Considering F1, previous reports in monkeys confirm that this area presents some observation-evoked responses (Dushanova & Donoghue, 2010; Tkach, Reimer & Hatsopoulos, 2007; Vigneswaran et al., 2013). Consistently, significant changes in activity of human area 4 during action observation have been reported in several imaging and electrophysiological studies (Caetano, Jousmaki & Hari, 2007; Fadiga et al., 1995; Muthukumaraswamy & Johnson, 2004). The modulations of F1 activity have been proposed to reflect the strong cortico-cortical interconnections with area F5 (Cerri et al., 2003; Dum & Strick, 2005; Fadiga et al., 1995; Kilner & Frith, 2007; Schmidlin et al., 2008; Shimazu et al., 2004). On the other hand, since we found that flash and dark conditions presented similar peak dispersions in F1, modulation in this area could be related to grasping kinematic features (Hendrix, Mason & Ebner, 2009; Vargas-Irwin et al., 2010).

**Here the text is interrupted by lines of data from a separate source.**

(* A functional vanishing on [U] takes, after clearing denominators, an
   integer value at [v] that is divisible by every power of [p]. *)
Lemma submx_padic_closed (p r N : nat) (U : 'M[rat]_(r, N)) (v : 'rV[rat]_N) :
  (1 < p)%N ->
  (forall k, exists2 w : 'rV[rat]_N,
     (v - (p ^ k)%:R *: w <= U)%MS & forall i, w 0 i \is a Num.int) ->
  (v <= U)%MS.
Proof.
move=> p_gt1 approx; rewrite submxE; apply/eqP/rowP => j; rewrite [RHS]mxE.
have [D D0 intDf] := rat_common_denom (fun ij : 'I_N * 'I_N => cokermx U ij.1 ij.2).
have int_w (w : 'rV[rat]_N) : (forall i, w 0 i \is a Num.int) ->
    D%:~R * (w *m cokermx U) 0 j \is a Num.int.
  move=> w_int; rewrite mxE mulr_sumr; apply: rpred_sum => i _.
  by rewrite mulrCA; apply: rpredM; [exact: w_int | exact: (intDf (i, j))].
have vf k (w : 'rV[rat]_N) : (v - (p ^ k)%:R *: w <= U)%MS ->
    (v *m cokermx U) 0 j = (p ^ k)%:R * (w *m cokermx U) 0 j.
  by rewrite submxE mulmxBl subr_eq0 -scalemxAl => /eqP ->; rewrite mxE.
have [w0 /(vf 0%N)] := approx 0%N; rewrite expn0 mul1r => vw0 /int_w.
rewrite -vw0 => /intrP [z ez].
suff z0 : z = 0.
  by move: ez; rewrite z0 mulr0z => /eqP; rewrite mulf_eq0 intr_eq0 (negbTE D0) => /eqP.
apply: (dvdz_expn_eq0 p_gt1) => k.
have [w /vf vwk /int_w /intrP [t et]] := approx k.
have /intr_inj -> : z%:~R = ((p ^ k)%:Z * t)%:~R :> rat.
  by rewrite -ez vwk mulrCA et intrM.
exact/dvdz_mulr/dvdzz.
Qed.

As evidenced by our results, visual information conveyed by the brief illumination of own hand action affected more consistently F5 than F1 neuron response. A possible explanation for this difference between the two areas could be a distinct contribution to the analysis of motor-relevant visual feedback. Accordingly, previous experiments (Umiltà et al., 2007) described different time-courses of discharge in F5 and F1 during grasping, F5 being involved in an early phase and F1 in all phases of action. In fact, along F5/F1 intracortical pathways, visual information on the performed movement is transformed from an extrinsic reference framework (F5) which defines the spatial position of the hand (with respect to the object) to an intrinsic framework (F1) based on muscle and joint space to generate accurate grasping (Kakei, Hoffman & Strick, 2003). Alternatively, the difference described between F5 and F1 could be attributed to a modulation/gradient effect along the parietal-frontal pathway (Gharbawie et al., 2011). Although we found a clear distinction between the two areas, a minor similar effect was found in F5 and F1 PT-flash populations, i.e., a stronger activity in dark compared to light condition. This modulation is not surprising, considering that it could reflect finger posture adjustments derived from proprioceptive feedback for accurate hand preshaping. This activity could be further reinforced when transient visual feedback relative to the pre-touch phase is provided.

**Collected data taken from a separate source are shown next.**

Lemma dist_householder a b : norm2 (vsub a (householder b)) = norm2 (vsub (householder a) b).
Proof.
  rewrite <- (norm2_householder (vsub a (householder b))), householder_sub,
    householder_involutive. auto.
Qed.

Lemma householder_init : (1 <= d)%nat -> householder x0 = vscale (norm2 x0) (unit_vec 0).
Proof.
  intros Hd. destruct (Req_dec (inner u u) 0) as [H|H].
  - rewrite householder_degenerate by auto. apply vec_ext; intros k.
    pose proof (inner_self_zero _ H k) as Hk. unfold householder_axis in Hk.
    rewrite coord_sub in Hk. lra.
  - assert (E1 : inner u x0 = inner x0 x0 - norm2 x0 * coord x0 0).
    { unfold householder_axis. rewrite inner_sub_l, inner_scale_l, inner_unit_l. auto. }
    assert (E2 : inner u u = 2 * (inner x0 x0 - norm2 x0 * coord x0 0)).
    { unfold householder_axis at 2. rewrite inner_sub_r, inner_scale_r, E1.
      unfold householder_axis.
      rewrite inner_sub_l, inner_scale_l, (inner_sym x0 (unit_vec 0)), !inner_unit_l,
        coord_unit_same, <- norm2_sq by lia. ring. }
    apply vec_ext; intros k. rewrite coord_householder, E1, E2.
    unfold householder_axis. rewrite coord_sub. rewrite E2 in H. field. lra.
Qed.

End Householder.

Lemma Rdiv_nonneg a b : 0 <= a -> 0 < b -> 0 <= a / b.
Proof. intros. unfold Rdiv. apply Rmult_le_pos; auto. apply Rlt_le, Rinv_0_lt_compat; auto. Qed.

Lemma quadratic_discriminant a b c : (forall t, 0 <= a + 2 * t * b + t ^ 2 * c) -> b ^ 2 <= a * c.
Proof.
  intros H. destruct (Req_dec c 0) as [Hc|Hc].
  - subst. destruct (Req_dec b 0); [subst; nra|].
    specialize (H (- (a + 1) / (2 * b))).
    replace (2 * (- (a + 1) / (2 * b)) * b) with (- (a + 1)) in H by (field; auto). nra.
  - assert (Hpos : 0 < c).
    { destruct (Rlt_dec 0 c); auto. exfalso.
      set (T := sqrt ((Rabs a + 1) / (- c))).
      assert (HT : T ^ 2 = (Rabs a + 1) / (- c)).
      { unfold T. rewrite pow2_sqrt; auto. apply Rdiv_nonneg; [pose proof (Rabs_pos a)|]; lra. }
      pose proof (H T). pose proof (H (- T)).
      assert (T ^ 2 * c = - (Rabs a + 1)) by (rewrite HT; field; lra).
      pose proof (Rle_abs a). nra. }
    specialize (H (- b / c)).
    replace (a + 2 * (- b / c) * b + (- b / c) ^ 2 * c) with (a - b ^ 2 / c) in H by (field; auto).
    apply Rmult_le_reg_r with (/ c); [apply Rinv_0_lt_compat; lra|].
    replace (a * c * / c) with a by (field; auto). unfold Rdiv in H. lra.
Qed.

(* The building block of the hard instance: the convex quadratic
     quad c z = a/2 (b - z_1)^2 + w/2 sum_(i < P) (z_(s+2i) - z_(s+2i+1))^2
   with anchor weight a, target b, link weight w, first linked coordinate s and P links.
   Its gradient and proximal map only spread information along the links. *)
Record qparams := mkQ { q_anchor : R; q_target : R; q_link : R; q_start : nat; q_links : nat }.

(* Parameters for which [quad c] is an L-smooth function on R^d whose links stay inside
   the coordinates 1..d-1, and never touch coordinate 1 when the anchor is active. *)
Definition admissible (L : R) (d : nat) (c : qparams) : Prop :=
  0 <= q_anchor c <= L /\ 0 <= q_link c /\ 2 * q_link c <= L /\
  (q_anchor c = 0 \/ (2 <= q_start c)%nat) /\
  (1 <= q_start c)%nat /\ (q_start c + 2 * q_links c <= d)%nat /\ (2 <= d)%nat.

Section Quadratic.
Context {d : nat}.
Variable c : qparams.
Local Notation a := (q_anchor c).
Local Notation b := (q_target c).
Local Notation w := (q_link c).
Local Notation s := (q_start c).
Local Notation P := (q_links c).

Definition link (z : vec d) (i : nat) : R := coord z (s + 2 * i) - coord z (s + 2 * i + 1).
Definition quad (z : vec d) : R :=
  a / 2 * (b - coord z 1) ^ 2 + w / 2 * sumR P (fun i => link z i ^ 2).
Definition link_vec (co : nat -> R) : vec d :=
  vsum P (fun i => vscale (co i) (vsub (unit_vec (s + 2 * i)) (unit_vec (s + 2 * i + 1)))).
Definition quad_grad (z : vec d) : vec d :=
  vadd (vscale (a * (coord z 1 - b)) (unit_vec 1)) (vscale w (link_vec (link z))).
Definition quad_hess (h : vec d) : vec d :=
  vadd (vscale (a * coord h 1) (unit_vec 1)) (vscale w (link_vec (link h))).
Definition quad_form (h k : vec d) : R :=
  a * coord h 1 * coord k 1 + w * sumR P (fun i => link h i * link k i).
Definition quad_prox (g : R) (x : vec d) : vec d :=
  vsub (vsub x (vscale (g * a * ((coord x 1 - b) / (1 + g * a))) (unit_vec 1)))
       (vscale (g * w) (link_vec (fun i => link x i / (1 + 2 * g * w)))).

Lemma coord_link_vec co j : coord (link_vec co) j =
  sumR P (fun i => co i * (coord (@unit_vec d (s + 2 * i)) j - coord (@unit_vec d (s + 2 * i + 1)) j)).
Proof. unfold link_vec. rewrite coord_vsum. apply sumR_ext; intros. rewrite coord_scale, coord_sub. auto. Qed.

Lemma inner_link_vec co h : inner (link_vec co) h = sumR P (fun i => co i * link h i).
Proof.
  unfold link_vec. rewrite inner_vsum_l. apply sumR_ext; intros.
  rewrite inner_scale_l, inner_sub_l, !inner_unit_l. auto.
Qed.

Lemma link_add x y i : link (vadd x y) i = link x i + link y i.
Proof. unfold link; rewrite !coord_add; ring. Qed.
Lemma link_sub x y i : link (vsub x y) i = link x i - link y i.
Proof. unfold link; rewrite !coord_sub; ring. Qed.
Lemma link_scale t x i : link (vscale t x) i = t * link x i.
Proof. unfold link; rewrite !coord_scale; ring. Qed.

Lemma inner_quad_grad z h :
  inner (quad_grad z) h = a * (coord z 1 - b) * coord h 1 + w * sumR P (fun i => link z i * link h i).
Proof. unfold quad_grad. rewrite inner_add_l, !inner_scale_l, inner_unit_l, inner_link_vec. ring. Qed.

Lemma inner_quad_hess h k : inner (quad_hess h) k = quad_form h k.
Proof. unfold quad_hess, quad_form. rewrite inner_add_l, !inner_scale_l, inner_unit_l, inner_link_vec. ring. Qed.

Lemma quad_expand z h : quad (vadd z h) = quad z + inner (quad_grad z) h + 1 / 2 * quad_form h h.
Proof.
  unfold quad, quad_form. rewrite inner_quad_grad, coord_add.
  erewrite (sumR_ext _ (fun i => link (vadd z h) i ^ 2)) by (intros; rewrite link_add; reflexivity).
  replace (sumR P (fun i => (link z i + link h i) ^ 2)) with
    (sumR P (fun i => link z i ^ 2) + 2 * sumR P (fun i => link z i * link h i)
     + sumR P (fun i => link h i * link h i)).
  2:{ rewrite <- sumR_scal, <- !sumR_add. apply sumR_ext; intros; ring. }
  field.
Qed.

Lemma quad_grad_sub x y : vsub (quad_grad x) (quad_grad y) = quad_hess (vsub x y).
Proof.
  apply vec_ext; intros k. unfold quad_grad, quad_hess.
  rewrite !coord_sub, !coord_add, !coord_scale, !coord_link_vec.
  erewrite (sumR_ext _ (fun i => link (vsub x y) i * _)).
  2:{ intros. rewrite link_sub, Rmult_minus_distr_r. reflexivity. }
  rewrite sumR_sub. ring.
Qed.

Hypothesis weights_nonneg : 0 <= a /\ 0 <= w.

Lemma quad_form_nonneg h : 0 <= quad_form h h.
Proof.
  unfold quad_form. assert (0 <= sumR P (fun i => link h i * link h i))
    by (apply sumR_nonneg; intros; nra).
  nra.
Qed.

Lemma quad_form_cauchy_schwarz h k : quad_form h k ^ 2 <= quad_form h h * quad_form k k.
Proof.
  apply quadratic_discriminant. intros t.
  replace (quad_form h h + 2 * t * quad_form h k + t ^ 2 * quad_form k k)
    with (quad_form (vadd h (vscale t k)) (vadd h (vscale t k))).
  { apply quad_form_nonneg. }
  unfold quad_form. rewrite coord_add, coord_scale.
  erewrite (sumR_ext _ (fun i => link (vadd h _) i * _))
    by (intros; rewrite link_add, link_scale; reflexivity).
  replace (sumR P (fun i => (link h i + t * link k i) * (link h i + t * link k i))) with
    (sumR P (fun i => link h i * link h i) + 2 * t * sumR P (fun i => link h i * link k i)
     + t ^ 2 * sumR P (fun i => link k i * link k i)).
  2:{ rewrite <- !sumR_scal, <- !sumR_add. apply sumR_ext; intros; ring. }
  ring.
Qed.

Lemma quad_nonneg z : 0 <= quad z.
Proof.
  unfold quad.
  assert (0 <= sumR P (fun i => link z i ^ 2)) by (apply sumR_nonneg; intros; nra).
  pose proof (pow2_ge_0 (b - coord z 1)). apply Rplus_le_le_0_compat; apply Rmult_le_pos; lra.
Qed.

End Quadratic.

Section AdmissibleQuadratic.
Context {d : nat}.
Variables (L : R) (c : qparams).
Hypothesis Hc : admissible L d c.
Local Notation a := (q_anchor c).
Local Notation b := (q_target c).
Local Notation w := (q_link c).
Local Notation s := (q_start c).
Local Notation P := (q_links c).

Let weights_nonneg : 0 <= a /\ 0 <= w.
Proof. destruct Hc as (? & ? & _). lra. Qed.

Lemma links_sq_le (h : vec d) :
  sumR P (fun i => link c h i * link c h i) <= 2 * sumR (2 * P) (fun j => coord h (s + j) ^ 2).
Proof.
  rewrite <- sumR_pairs, <- sumR_scal. apply sumR_le; intros. unfold link.
  rewrite !Nat.add_assoc. pose proof (pow2_ge_0 (coord h (s + 2 * k) + coord h (s + 2 * k + 1))).
  nra.
Qed.

(* The Hessian quadratic form is bounded by L: this is L-smoothness. *)
Lemma quad_form_bound (h : vec d) : quad_form c h h <= L * inner h h.
Proof.
  destruct Hc as (Ha & Hw & Hw2 & Hs & Hs1 & HsP & Hd).
  set (F := fun j => coord h j ^ 2).
  assert (HF : forall j, 0 <= F j) by (intros; apply pow2_ge_0).
  set (S2 := sumR (2 * P) (fun j => F (s + j)%nat)).
  assert (HS2 : 0 <= S2) by (apply sumR_nonneg; auto).
  assert (Hhead : 0 <= sumR s F) by (apply sumR_nonneg; auto).
  assert (Hsplit : sumR s F + S2 <= inner h h).
  { unfold S2. rewrite <- sumR_split.
    replace (inner h h) with (sumR d F)
      by (rewrite inner_coord; apply sumR_ext; intros; unfold F; ring).
    apply sumR_le_length; [lia|auto]. }
  assert (Hlinks : w * sumR P (fun i => link c h i * link c h i) <= L * S2).
  { pose proof (links_sq_le h). apply Rle_trans with (w * (2 * S2)); [apply Rmult_le_compat_l; auto|].
    nra. }
  unfold quad_form. destruct Hs as [Ha0|Hs].
  - rewrite Ha0. nra.
  - assert (H1 : F 1%nat <= sumR s F).
    { apply Rle_trans with (sumR 2 F); [simpl; pose proof (HF 0%nat); lra|].
      apply sumR_le_length; auto. }
    assert (a * F 1%nat <= L * F 1%nat) by (apply Rmult_le_compat_r; auto; lra).
    unfold F in *. nra.
Qed.

Lemma quad_hess_bound (h : vec d) : inner (quad_hess c h) (quad_hess c h) <= L ^ 2 * inner h h.
Proof.
  pose proof (quad_form_bound h) as B1. pose proof (quad_form_bound (quad_hess c h)) as B2.
  pose proof (quad_form_cauchy_schwarz c weights_nonneg h (quad_hess c h)) as CS.
  rewrite <- inner_quad_hess in CS.
  set (X := inner (quad_hess c h) (quad_hess c h)) in *.
  assert (0 <= X) by apply inner_nonneg.
  pose proof (quad_form_nonneg c weights_nonneg h). pose proof (inner_nonneg h).
  assert (L0 : 0 <= L) by (destruct Hc; lra).
  destruct (Req_dec X 0) as [->|HX]; [nra|].
  assert (X <= L * quad_form c h h).
  { apply Rmult_le_reg_r with X; [lra|].
    assert (quad_form c h h * quad_form c (quad_hess c h) (quad_hess c h)
            <= quad_form c h h * (L * X)) by (apply Rmult_le_compat_l; lra).
    nra. }
  assert (L * quad_form c h h <= L * (L * inner h h)) by (apply Rmult_le_compat_l; lra).
  nra.
Qed.

Lemma link_vec_at co i0 : (i0 < P)%nat ->
  coord (@link_vec d c co) (s + 2 * i0) = co i0 /\ coord (@link_vec d c co) (s + 2 * i0 + 1) = - co i0.
Proof.
  destruct Hc as (_ & _ & _ & _ & _ & HsP & _). intros Hi.
  rewrite !coord_link_vec. split; rewrite (sumR_single _ _ i0); auto;
    try (rewrite coord_unit_same, coord_unit_diff by lia; ring);
    intros; rewrite !coord_unit_diff by lia; ring.
Qed.

Lemma link_vec_coord1 co : (2 <= s)%nat -> coord (@link_vec d c co) 1 = 0.
Proof. intros. rewrite coord_link_vec. apply sumR_zero; intros. rewrite !coord_unit_diff by lia. ring. Qed.

Lemma quad_prox_coords g (x : vec d) : 0 < g ->
  a * (coord (quad_prox c g x) 1 - b) = a * ((coord x 1 - b) / (1 + g * a)) /\
  (forall i, (i < P)%nat -> link c (quad_prox c g x) i = link c x i / (1 + 2 * g * w)).
Proof.
  pose proof weights_nonneg as [Ha Hw].
  destruct Hc as (_ & _ & _ & Hs & _ & _ & Hd). intros Hg. split.
  - destruct Hs as [Hs|Hs]; [rewrite Hs; ring|].
    unfold quad_prox. rewrite !coord_sub, !coord_scale, coord_unit_same, link_vec_coord1 by lia.
    field. nra.
  - intros i Hi. unfold quad_prox. rewrite !link_sub, !link_scale.
    set (co := fun i => link c x i / (1 + 2 * g * w)).
    assert (Hlv : link c (@link_vec d c co) i = 2 * co i).
    { destruct (link_vec_at co i Hi) as [E1 E2]. unfold link at 1. rewrite E1, E2. ring. }
    assert (He : a * link c (@unit_vec d 1) i = 0).
    { destruct Hs as [Hs|Hs]; [rewrite Hs; ring|]. unfold link. rewrite !coord_unit_diff by lia. ring. }
    rewrite Hlv. unfold co.
    replace (g * a * ((coord x 1 - b) / (1 + g * a)) * link c (unit_vec 1) i) with
      (g * ((coord x 1 - b) / (1 + g * a)) * (a * link c (@unit_vec d 1) i)) by ring.
    rewrite He. field. nra.
Qed.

Possible relation with other visuomotor properties
This study demonstrates for the first time that the monkey frontal cortex contains, mainly in F5, neurons previously classified as motor neurons, which are sensitive to the observation of meaningful phases of the own grasping action. Observation of the agent’s own acting effector has been proposed as a fundamental step in the biological process leading to the neuronal activation associated to the observation of actions performed by others (Heyes, 2010; Keysers & Perrett, 2004; Murata & Ishida, 2007; Rizzolatti & Fadiga, 1998). In particular, the parietofrontal mirror system (Cattaneo & Rizzolatti, 2009) may develop from the observation of one’s own hand action, seen from different perspectives. Through the visual feedback system normally guiding action execution, motor invariance would be extracted, creating a match between action and vision that could be generalized to the observation of actions executed by other individuals. Further experiments are required to explore this hypothesis, e.g., studying these neurons when visual information is disrupted and extending testing to mirror neurons.